Standing on the shoulders of boxxar, I like this:

sed -n '<first line>,$p;<last line>q' input

e.g.

sed -n '16224,$p;16482q' input

The $ means "last line", so the first command makes sed print all lines starting with line 16224 and the second command makes sed quit after printing line 16428. (Adding 1 for the q-range in boxxar's solution does not seem to be necessary.)

I like this variant because I don't need to specify the ending line number twice. And I measured that using $ does not have detrimental effects on performance.

回答11:

Quick and dirty:

head -16428 < file.in | tail -259 > file.out

Probably not the best way to do it but it should work.

BTW: 259 = 16482-16224+1.

回答12:

I wrote a Haskell program called splitter that does exactly this: have a read through my release blog post.

You can use the program as follows:

$ cat somefile | splitter 16224-16482

And that is all that there is to it. You will need Haskell to install it. Just:

$ cabal install splitter

And you are done.

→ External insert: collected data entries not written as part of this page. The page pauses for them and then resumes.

(* Let $\mathcal{X}$ be a Polish space, let $Q$ be a probability transition kernel on $\mathcal{X}$, and let $\mathcal{X}_n\in\mathcal{B}(\mathcal{X})$, $n\in\mathbb{N}$, be a non-decreasing sequence of Borel sets with $\mathcal{X}_0\neq\emptyset$. Assume there exist a non-increasing sequence $\alpha_n\in(0,1]$ and probability measures $\nu_n$ on $\mathcal{B}(\mathcal{X})$, $n\in\mathbb{N}$, such that $$Q(x,A)\ge \alpha_n\nu_n(A)\quad\text{for all } A\in\mathcal{B}(\mathcal{X}),\ x\in\mathcal{X}_n,\ n\in\mathbb{N}.$$ Then there exists a probability $\mu_*$ on $\mathcal{B}(\mathcal{X})$ such that for every Markov chain $X_t$, $t\in\mathbb{N}$, with transition kernel $Q$ whose initial law $\mathcal{L}(X_0)$ belongs to $\mathfrak{P}_b$, one has $\|\mathcal{L}(X_t)-\mu_*\|_{TV}\to 0$ as $t\to\infty$.
   Context: $\mathfrak{P}_b$ denotes the set of probabilities $\mu$ on $\mathcal{B}(\mathcal{X})$ such that, if the Markov chain $X_t$ with kernel $Q$ is started with $\mathcal{L}(X_0)=\mu$, then $\lim_{n\to\infty}\sup_{t\in\mathbb{N}}P(X_t\notin\mathcal{X}_n)=0$. For a finite signed measure $\mu$, $\|\mu\|_{TV}:=\sup_{|\phi|\le 1}|\int\phi\,d\mu|$, the supremum over measurable $\phi$ bounded by $1$ in absolute value. $\mathcal{L}(Z)$ denotes the law of $Z$. *)

From HB Require Import structures.
From mathcomp Require Import all_boot all_order all_algebra.
From mathcomp Require Import all_classical all_reals all_analysis.
Set Implicit Arguments. Unset Strict Implicit. Unset Printing Implicit Defensive.
Import Order.TTheory GRing.Theory Num.Theory.
Import numFieldNormedType.Exports.
Local Open Scope classical_set_scope.
Local Open Scope ring_scope.

Definition polish (R : realType) (T : ptopologicalType) : Prop :=
  exists dist : T -> T -> R,
  (forall x y, dist x y = 0 <-> x = y) /\
      (forall x y, dist x y = dist y x) /\
      (forall x y z, dist x z <= dist x y + dist y z) /\
      (forall A : set T, open A <->
         forall x, A x -> exists2 e : R, 0 < e & [set y | dist x y < e] `<=` A) /\
      (forall u : nat -> T,
         (forall e : R, 0 < e -> exists N, forall m n, (N <= m)%N -> (N <= n)%N ->
            dist (u m) (u n) < e) ->
         exists l, forall e : R, 0 < e -> exists N, forall n, (N <= n)%N ->
            dist (u n) l < e) /\
      exists D : set T, countable D /\
        (forall A : set T, open A -> A !=set0 -> (D `&` A) !=set0).

Notation Borel T := (g_sigma_algebraType (@open T)).

Section Defs.
Context (R : realType) (T : ptopologicalType).
Local Notation X := (Borel T).

Definition markov_chain (Q : R.-pker X ~> X) dO (Omega : measurableType dO)
    (P : probability Omega R) (Y : nat -> Omega -> X) : Prop :=
  (forall t, measurable_fun [set: Omega] (Y t)) /\
  forall (t : nat) (B : nat -> set X) (A : set X),
    (forall s, measurable (B s)) -> measurable A ->
    P ([set w | forall s, (s <= t)%N -> B s (Y s w)] `&` (Y t.+1 @^-1` A)) =
    (\int[P]_(w in [set w | forall s, (s <= t)%N -> B s (Y s w)]) Q (Y t w) A)%E.

Definition Pb (Q : R.-pker X ~> X) (Xn : nat -> set X) (mu : set X -> \bar R) : Prop :=
  forall dO (Omega : measurableType dO) (P : probability Omega R)
         (Y : nat -> Omega -> X),
    markov_chain Q P Y ->
    (forall A, measurable A -> P (Y 0%N @^-1` A) = mu A) ->
    (fun n => ereal_sup [set P (Y t @^-1` (~` Xn n)) | t in [set: nat]])
      @ \oo --> 0%E.

Definition tv_dist (mu nu : set X -> \bar R) : \bar R :=
  ereal_sup [set `| (\int[mu]_x (phi x)%:E - \int[nu]_x (phi x)%:E)%E |%E
            | phi in [set phi : X -> R | measurable_fun [set: X] phi /\
                                         forall x, `|phi x| <= 1]].
End Defs.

I hope that you find this program useful.

回答13:

Even we can do this to check at command line:

cat filename|sed 'n1,n2!d' > abc.txt

For Example:

cat foo.pl|sed '100,200!d' > abc.txt

回答14:

Using ruby:

ruby -ne 'puts "#{$.}: #{$_}" if $. >= 32613500 && $. <= 32614500' < GND.rdf > GND.extract.rdf

回答15:

I was about to post the head/tail trick, but actually I'd probably just fire up emacs. ;-)

esc-x goto-line ret 16224
mark (ctrl-space)
esc-x goto-line ret 16482
esc-w

open the new output file, ctl-y save

Let's me see what's happening.

回答16:

I would use:

awk 'FNR >= 16224 && FNR <= 16482' my_file > extracted.txt

FNR contains the record (line) number of the line being read from the file.

回答17:

I wanted to do the same thing from a script using a variable and achieved it by putting quotes around the $variable to separate the variable name from the p:

sed -n "$first","$count"p imagelist.txt >"$imageblock"

I wanted to split a list into separate folders and found the initial question and answer a useful step. (split command not an option on the old os I have to port code to).

回答18:

I wrote a small bash script that you can run from your command line, so long as you update your PATH to include its directory (or you can place it in a directory that is already contained in the PATH).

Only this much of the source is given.